(* Let $n=2$ and assume $\lfloor (M_1+M_2)/p\rfloor=1$ (ample reduction). Let $I^{[1]}(z_1,z_2)\in\mathbb{F}_p[z_1,z_2]^2$ be the coefficient of $x^{p-1}$ in $(x-z_1)^{M_1}(x-z_2)^{M_2}\Big(\frac{e_1}{x-z_1}+\frac{e_2}{x-z_2}\Big)$. Then $$I^{[1]}(z_1,z_2)=(-1)^{M_2}(z_2-z_1)^{M_1+M_2-p}\frac{\Gamma_{\mathbb{F}_p}(M_1+1)\Gamma_{\mathbb{F}_p}(M_2+1)}{\Gamma_{\mathbb{F}_p}(M_1+M_2-p+1)}\Big(\frac{e_1}{M_1}-\frac{e_2}{M_2}\Big) =(-1)^{M_1}(z_1-z_2)^{M_1+M_2-p}\frac{\Gamma_{\mathbb{F}_p}(M_1+1)\Gamma_{\mathbb{F}_p}(M_2+1)}{\Gamma_{\mathbb{F}_p}(M_1+M_2-p+1)}\Big(\frac{e_2}{M_2}-\frac{e_1}{M_1}\Big).$$
   Context: Let $p,q$ be primes with $p>q$ and $p>2$. Fix positive integers $m_1,m_2<q$, and let $M_i$ be the least positive integer with $M_i\equiv -m_iq^{-1}\pmod p$ ($1\le M_i\le p-1$); in formulas over $\mathbb{F}_p$, $M_i$ denotes its residue. $e_1,e_2$ is the standard basis of $\mathbb{F}_p^2$. For an integer $1\le x\le p$, $\Gamma_{\mathbb{F}_p}(x)\in\mathbb{F}_p$ denotes the residue of $(-1)^{x-1}(x-1)!$. *)

From HB Require Import structures.
From mathcomp Require Import all_boot all_order all_algebra.
Set Implicit Arguments. Unset Strict Implicit. Unset Printing Implicit Defensive.
Import Order.TTheory GRing.Theory Num.Theory.
Local Open Scope ring_scope.

Definition GammaF (p : nat) (x : nat) : 'F_p :=
  (-1) ^+ (x.-1) * (x.-1)`!%:R.

(* Bivariate polynomial ring F_p[z1,z2], realised as {poly {poly F_p}}. *)
Notation Fz p := {poly {poly 'F_p}}.

Definition z1 (p : nat) : Fz p := ('X : {poly 'F_p})%:P.
Definition z2 (p : nat) : Fz p := 'X.

Definition e1 (p : nat) : 'rV[Fz p]_2 := delta_mx 0 0.
Definition e2 (p : nat) : 'rV[Fz p]_2 := delta_mx 0 1.

(* I^[1](z1,z2): coefficient of x^(p-1) in
   (x-z1)^M1 (x-z2)^M2 (e1/(x-z1) + e2/(x-z2))
   = (x-z1)^(M1-1)(x-z2)^M2 e1 + (x-z1)^M1 (x-z2)^(M2-1) e2   (M1,M2 >= 1). *)
Definition I1 (p M1 M2 : nat) : 'rV[Fz p]_2 :=
  ((('X - (z1 p)%:P) ^+ M1.-1 * ('X - (z2 p)%:P) ^+ M2 : {poly Fz p})`_(p.-1))
     *: e1 p
  + ((('X - (z1 p)%:P) ^+ M1 * ('X - (z2 p)%:P) ^+ M2.-1 : {poly Fz p})`_(p.-1))
     *: e2 p.

Definition cst (p : nat) (c : 'F_p) : Fz p := c%:P%:P.
Arguments cst p c : clear implicits.

(** The coefficient of [x^(p-1)] in [(x - u)^a (x - v)^b] is found by writing
    [x - v = (x - u) + (u - v)]: in characteristic [p], the coefficient of
    [x^(p-1)] in [(x - u)^m] with [m <= 2(p-1)] vanishes unless [m = p - 1],
    because [p] divides ['C(m, p-1)] for [p <= m <= 2p-2].  Hence both entries of
    [I^[1]] are binomial multiples of [(z1 - z2)^(M1+M2-p)], and Wilson's theorem
    in the form [a! (p-1-a)! = (-1)^(a+1)] turns these binomials into the stated
    quotient of [Gamma] values. *)

From HB Require Import structures.
From mathcomp Require Import all_boot all_order all_algebra.
From mathcomp Require Import zify ring.
Import Order.TTheory GRing.Theory Num.Theory.
Local Open Scope ring_scope.

Lemma prime_ndvd_fact p n : prime p -> (n < p)%N -> ~~ (p %| n`!)%N.
Proof.
move=> p_pr; elim: n => [|n IHn] n_lt; first by rewrite fact0 dvdn1 eqn_leq leqNgt prime_gt1.
by rewrite factS Euclid_dvdM // negb_or IHn ?(ltnW n_lt) // andbT gtnNdvd.
Qed.

Lemma prime_dvd_bin p m k : prime p ->
  (k < p)%N -> (p <= m)%N -> (m - k < p)%N -> (p %| 'C(m, k))%N.
Proof.
move=> p_pr k_lt p_le mk_lt.
have : (p %| m`!)%N by rewrite dvdn_fact // prime_gt0.
rewrite -(bin_fact (leq_trans (ltnW k_lt) p_le)) !Euclid_dvdM //.
by rewrite !(negbTE (prime_ndvd_fact _ _ p_pr _)) // !orbF.
Qed.

Lemma coef_XsubC_exp (R : comNzRingType) (c : R) m i :
  (('X - c%:P) ^+ m)`_i = (- c) ^+ (m - i) *+ 'C(m, i).
Proof.
rewrite addrC -polyCN exprDn coef_sum.
under eq_bigr => j _ do rewrite coefMn -polyC_exp coefCM coefXn.
have [m_lt_i | i_le_m] := ltnP m i.
  rewrite bin_small // mulr0n big1 // => j _.
  case: eqP => [ij | _]; rewrite ?mulr0 ?mul0rn //.
  by move: m_lt_i; rewrite ij ltnNge -ltnS ltn_ord.
rewrite (bigD1 (Ordinal (i_le_m : (i < m.+1)%N))) //= eqxx mulr1 big1 ?addr0 //.
move=> j /eqP j_neq_i; case: eqP => [ji | _]; last by rewrite mulr0 mul0rn.
by case: j_neq_i; apply: val_inj.
Qed.

Section CharacteristicP.

Context {R : comNzRingType} {p : nat}.
Hypothesis pcharRp : p \in [pchar R].

Lemma coef_XsubC_exp_pchar (c : R) m : (m <= (p.-1).*2)%N ->
  (('X - c%:P) ^+ m)`_p.-1 = (m == p.-1)%:R.
Proof.
have p_pr := pcharf_prime pcharRp; have p_gt0 := prime_gt0 p_pr.
move=> m_le; rewrite coef_XsubC_exp.
case: ltngtP => [m_lt | m_gt | ->]; first by rewrite bin_small.
  have /eqP bin_eq0 : 'C(m, p.-1)%:R == 0 :> R.
    by rewrite -(dvdn_pcharf pcharRp) prime_dvd_bin //; lia.
  by rewrite -mulr_natr bin_eq0 mulr0.
by rewrite subnn binn.
Qed.

Lemma coef_XsubC_exp_mul (u v : R) a b :
  (a <= p.-1)%N -> (p.-1 <= a + b)%N -> (a + b <= (p.-1).*2)%N ->
  (('X - u%:P) ^+ a * ('X - v%:P) ^+ b)`_p.-1
    = (u - v) ^+ (a + b - p.-1) *+ 'C(b, a + b - p.-1).
Proof.
move=> a_le ab_ge ab_le; set j0 := (a + b - p.-1)%N; set y := 'X - u%:P.
have -> : 'X - v%:P = y + (u - v)%:P by rewrite polyCB addrA subrK.
rewrite [(y + _) ^+ b]exprDn mulr_sumr coef_sum.
under eq_bigr => j _ do rewrite mulrnAr mulrA -exprD -polyC_exp coefMn coefMC.
have j0_lt : (j0 < b.+1)%N by lia.
rewrite (bigD1 (Ordinal j0_lt)) //= big1 ?addr0.
  rewrite coef_XsubC_exp_pchar; last by lia.
  have /eqP -> : (a + (b - j0) == p.-1)%N by rewrite /j0; lia.
  by rewrite eqxx mul1r.
move=> j /eqP j_neq; rewrite coef_XsubC_exp_pchar; last by have := ltn_ord j; lia.
case: eqP => [j_eq | _]; last by rewrite mul0r mul0rn.
by case: j_neq; apply: val_inj => /=; have := ltn_ord j; lia.
Qed.

Lemma natr_pchar_neq0 n : (0 < n < p)%N -> n%:R != 0 :> R.
Proof. by case/andP=> n_gt0 n_lt; rewrite -(dvdn_pcharf pcharRp) gtnNdvd. Qed.

Lemma natr_compl_pchar n : (n <= p)%N -> (p - n)%:R = - n%:R :> R.
Proof.
by move=> n_le; apply/eqP; rewrite -subr_eq0 opprK -natrD subnK // (pcharf0 pcharRp).
Qed.

Lemma fact_pchar_neq0 n : (n < p)%N -> n`!%:R != 0 :> R.
Proof.
by move=> n_lt; rewrite -(dvdn_pcharf pcharRp) prime_ndvd_fact ?(pcharf_prime pcharRp).
Qed.

Lemma Wilson_reflect a : (a < p)%N -> (a`! * (p.-1 - a)`!)%:R = (-1) ^+ a.+1 :> R.
Proof.
have p_gt1 := prime_gt1 (pcharf_prime pcharRp).
elim: a => [|a IHa] a_lt.
  rewrite fact0 mul1n subn0 expr1; apply/eqP; rewrite -subr_eq0 opprK natr1.
  by rewrite -(dvdn_pcharf pcharRp) -(Wilson p_gt1) (pcharf_prime pcharRp).
have compl_S : (p.-1 - a = (p.-1 - a.+1).+1)%N by lia.
have opp_aS : (p.-1 - a.+1).+1%:R = - a.+1%:R :> R.
  by rewrite -natr_compl_pchar ?(ltnW a_lt) //; congr _%:R; lia.
move: (IHa (ltnW a_lt)); rewrite compl_S !factS !natrM opp_aS => IHa'.
by rewrite exprS -IHa'; ring.
Qed.

End CharacteristicP.

Lemma GammaF_S p n : GammaF p n.+1 = (-1) ^+ n * n`!%:R.
Proof. by []. Qed.

Section AmpleBinomials.

Variables (p M1 M2 : nat).
Hypotheses (p_pr : prime p) (M1_gt0 : (0 < M1)%N) (M1_lt : (M1 < p)%N)
  (M2_gt0 : (0 < M2)%N) (M2_lt : (M2 < p)%N) (ample : (p <= M1 + M2)%N).

Let k := (M1 + M2 - p)%N.
Let c : 'F_p := GammaF p M1.+1 * GammaF p M2.+1 / GammaF p k.+1.

Lemma bin_ample_fact_Fp :
  (-1) ^+ M1 * ((M1 * 'C(M2, k) * k`!)%:R : 'F_p) = (M1`! * M2`!)%:R.
Proof.
have M1_fact : M1`! = (M1 * M1.-1`!)%N by rewrite -{1}(prednK M1_gt0) factS prednK.
have wilson : ((M1.-1)`! * (p.-1 - M1.-1)`!)%:R = (-1) ^+ M1 :> 'F_p.
  by rewrite (Wilson_reflect (pchar_Fp p_pr)) ?prednK //; lia.
rewrite -(bin_fact (_ : k <= M2)%N); last by rewrite /k; lia.
have -> : (M2 - k = p.-1 - M1.-1)%N by rewrite /k; lia.
by rewrite M1_fact !natrM -wilson !natrM; ring.
Qed.

Lemma sign_GammaF_ample : (-1) ^+ M2 * (-1) ^+ k * c = (M1 * 'C(M2, k))%:R.
Proof.
have k_fact_neq0 : (k`!%:R : 'F_p) != 0.
  by rewrite (fact_pchar_neq0 (pchar_Fp p_pr)) // /k; lia.
rewrite /c !GammaF_S invr_signM.
transitivity ((-1) ^+ M2 * ((-1) ^+ M2 * ((-1) ^+ k * ((-1) ^+ k *
    ((-1) ^+ M1 * (M1`!%:R * M2`!%:R))))) / k`!%:R : 'F_p); first by ring.
by rewrite !signrMK -natrM -bin_ample_fact_Fp signrMK natrM mulfK.
Qed.

Lemma bin_ample_Fp : 'C(M2, k)%:R = (-1) ^+ M2 * (-1) ^+ k * (c / M1%:R).
Proof.
have M1_neq0 : (M1%:R : 'F_p) != 0 by rewrite (natr_pchar_neq0 (pchar_Fp p_pr)) //; lia.
by rewrite mulrA sign_GammaF_ample natrM mulrC mulKf.
Qed.

Lemma bin_pred_ample_Fp :
  'C(M2.-1, k)%:R = - ((-1) ^+ M2 * (-1) ^+ k * (c / M2%:R)).
Proof.
have M2_neq0 : (M2%:R : 'F_p) != 0 by rewrite (natr_pchar_neq0 (pchar_Fp p_pr)) //; lia.
have compl : ((M2 - k)%:R : 'F_p) = - M1%:R.
  by rewrite -(natr_compl_pchar (pchar_Fp p_pr)) 1?ltnW //; congr _%:R; rewrite /k; lia.
rewrite mulrA sign_GammaF_ample -[LHS](mulKf M2_neq0) -natrM mul_bin_down.
by rewrite !natrM compl mulNr mulrN mulrC.
Qed.

End AmpleBinomials.

Lemma I1_ample p M1 M2 : prime p -> (0 < M1)%N -> (M1 < p)%N ->
  (0 < M2)%N -> (M2 < p)%N -> (p <= M1 + M2)%N ->
  I1 p M1 M2 = ((z1 p - z2 p) ^+ (M1 + M2 - p) *+ 'C(M2, M1 + M2 - p)) *: e1 p
             + ((z1 p - z2 p) ^+ (M1 + M2 - p) *+ 'C(M2.-1, M1 + M2 - p)) *: e2 p.
Proof.
move=> p_pr M1_gt0 M1_lt M2_gt0 M2_lt ample.
have pcharFz : p \in [pchar Fz p] by rewrite !(rmorph_pchar polyC) // pchar_Fp.
rewrite /I1 !coef_XsubC_exp_mul //; try lia.
by have [-> ->] : (M1.-1 + M2 - p.-1 = M1 + M2 - p /\ M1 + M2.-1 - p.-1 = M1 + M2 - p)%N
  by lia.
Qed.

Lemma sign_exprBC (R : comNzRingType) (x y : R) p a b : odd p -> (p <= a + b)%N ->
  (-1) ^+ a * (x - y) ^+ (a + b - p) = - ((-1) ^+ b * (y - x) ^+ (a + b - p)).
Proof.
move=> p_odd ample; set n := (a + b - p)%N.
rewrite -[x - y]opprB (exprNn (y - x)) mulrA -mulNr -exprD; congr (_ * _).
have sign_p : (-1) ^+ p = -1 :> R by rewrite -signr_odd p_odd.
have : (-1) ^+ (a + n) * (-1) ^+ p = (-1) ^+ b :> R.
  rewrite -exprD (_ : a + n + p = a.*2 + b)%N; last by rewrite /n; lia.
  by rewrite exprD -mul2n mulnC exprM sqrr_sign mul1r.
by rewrite sign_p mulrN1 => <-; rewrite opprK.
Qed.

Lemma cstM p : {morph cst p : a b / a * b}.
Proof. by move=> a b; rewrite /cst !rmorphM. Qed.

Lemma cstN p : {morph cst p : a / - a}.
Proof. by move=> a; rewrite /cst !rmorphN. Qed.

Lemma cst_sign p n : cst p ((-1) ^+ n) = (-1) ^+ n.
Proof. by rewrite /cst !rmorph_sign. Qed.

Lemma cst_nat p n : cst p n%:R = n%:R.
Proof. by rewrite /cst !rmorph_nat. Qed.

Theorem theorem4p4 (p q m1 m2 M1 M2 : nat) :
  prime p -> prime q -> (q < p)%N -> (2 < p)%N ->
  (0 < m1)%N -> (m1 < q)%N -> (0 < m2)%N -> (m2 < q)%N ->
  (0 < M1)%N -> (M1 <= p.-1)%N ->
  (M1%:R : 'F_p) = - (m1%:R) * (q%:R)^-1 ->
  (0 < M2)%N -> (M2 <= p.-1)%N ->
  (M2%:R : 'F_p) = - (m2%:R) * (q%:R)^-1 ->
  ((M1 + M2) %/ p)%N = 1%N ->
  let k : nat := (M1 + M2 - p)%N in
  let c : 'F_p := GammaF p M1.+1 * GammaF p M2.+1 / GammaF p k.+1 in
  I1 p M1 M2 =
    ((-1) ^+ M2 * (z2 p - z1 p) ^+ k * cst p c)
      *: (cst p (M1%:R)^-1 *: e1 p - cst p (M2%:R)^-1 *: e2 p)
  /\
  I1 p M1 M2 =
    ((-1) ^+ M1 * (z1 p - z2 p) ^+ k * cst p c)
      *: (cst p (M2%:R)^-1 *: e2 p - cst p (M1%:R)^-1 *: e1 p).
Proof.
move=> p_pr _ _ p_gt2 _ _ _ _ M1_gt0 M1_le _ M2_gt0 M2_le _ M12_div k c.
have p_gt0 := prime_gt0 p_pr.
have [M1_lt M2_lt] : (M1 < p /\ M2 < p)%N by lia.
have ample : (p <= M1 + M2)%N by have := leq_divM (M1 + M2) p; rewrite M12_div mul1n.
have p_odd : odd p by case: (even_prime p_pr) p_gt2 => [->|].
have swap : (z2 p - z1 p) ^+ k = (-1) ^+ k * (z1 p - z2 p) ^+ k.
  by rewrite -[z2 p - z1 p]opprB (exprNn (z1 p - z2 p)).
have coef_e1 : (z1 p - z2 p) ^+ k *+ 'C(M2, k)
    = (-1) ^+ M2 * (z2 p - z1 p) ^+ k * cst p c * cst p (M1%:R)^-1.
  by rewrite -mulr_natr -cst_nat bin_ample_Fp // swap !(cstM, cst_sign); ring.
have coef_e2 : (z1 p - z2 p) ^+ k *+ 'C(M2.-1, k)
    = - ((-1) ^+ M2 * (z2 p - z1 p) ^+ k * cst p c * cst p (M2%:R)^-1).
  by rewrite -mulr_natr -cst_nat bin_pred_ample_Fp // swap !(cstN, cstM, cst_sign); ring.
have first_form : I1 p M1 M2 = ((-1) ^+ M2 * (z2 p - z1 p) ^+ k * cst p c)
    *: (cst p (M1%:R)^-1 *: e1 p - cst p (M2%:R)^-1 *: e2 p).
  by rewrite I1_ample // coef_e1 coef_e2 scalerBr !scalerA scaleNr.
split=> //; rewrite first_form sign_exprBC //.
by rewrite mulNr scaleNr -scalerN opprB.
Qed.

● ● ● ●

§ **INSTRUCTIONS TO FOLLOW**
Here the job is to set down exactly the lines of the material above that fall between the one with "M2 - p)) *: e2 p." and the one with "by rewrite exprD", inclusive, and nothing beyond them.

§ **EXERCISE ANSWER**
             + ((z1 p - z2 p) ^+ (M1 + M2 - p) *+ 'C(M2.-1, M1 + M2 - p)) *: e2 p.
Proof.
move=> p_pr M1_gt0 M1_lt M2_gt0 M2_lt ample.
have pcharFz : p \in [pchar Fz p] by rewrite !(rmorph_pchar polyC) // pchar_Fp.
rewrite /I1 !coef_XsubC_exp_mul //; try lia.
by have [-> ->] : (M1.-1 + M2 - p.-1 = M1 + M2 - p /\ M1 + M2.-1 - p.-1 = M1 + M2 - p)%N
  by lia.
Qed.

Lemma sign_exprBC (R : comNzRingType) (x y : R) p a b : odd p -> (p <= a + b)%N ->
  (-1) ^+ a * (x - y) ^+ (a + b - p) = - ((-1) ^+ b * (y - x) ^+ (a + b - p)).
Proof.
move=> p_odd ample; set n := (a + b - p)%N.
rewrite -[x - y]opprB (exprNn (y - x)) mulrA -mulNr -exprD; congr (_ * _).
have sign_p : (-1) ^+ p = -1 :> R by rewrite -signr_odd p_odd.
have : (-1) ^+ (a + n) * (-1) ^+ p = (-1) ^+ b :> R.
  rewrite -exprD (_ : a + n + p = a.*2 + b)%N; last by rewrite /n; lia.
  by rewrite exprD -mul2n mulnC exprM sqrr_sign mul1r.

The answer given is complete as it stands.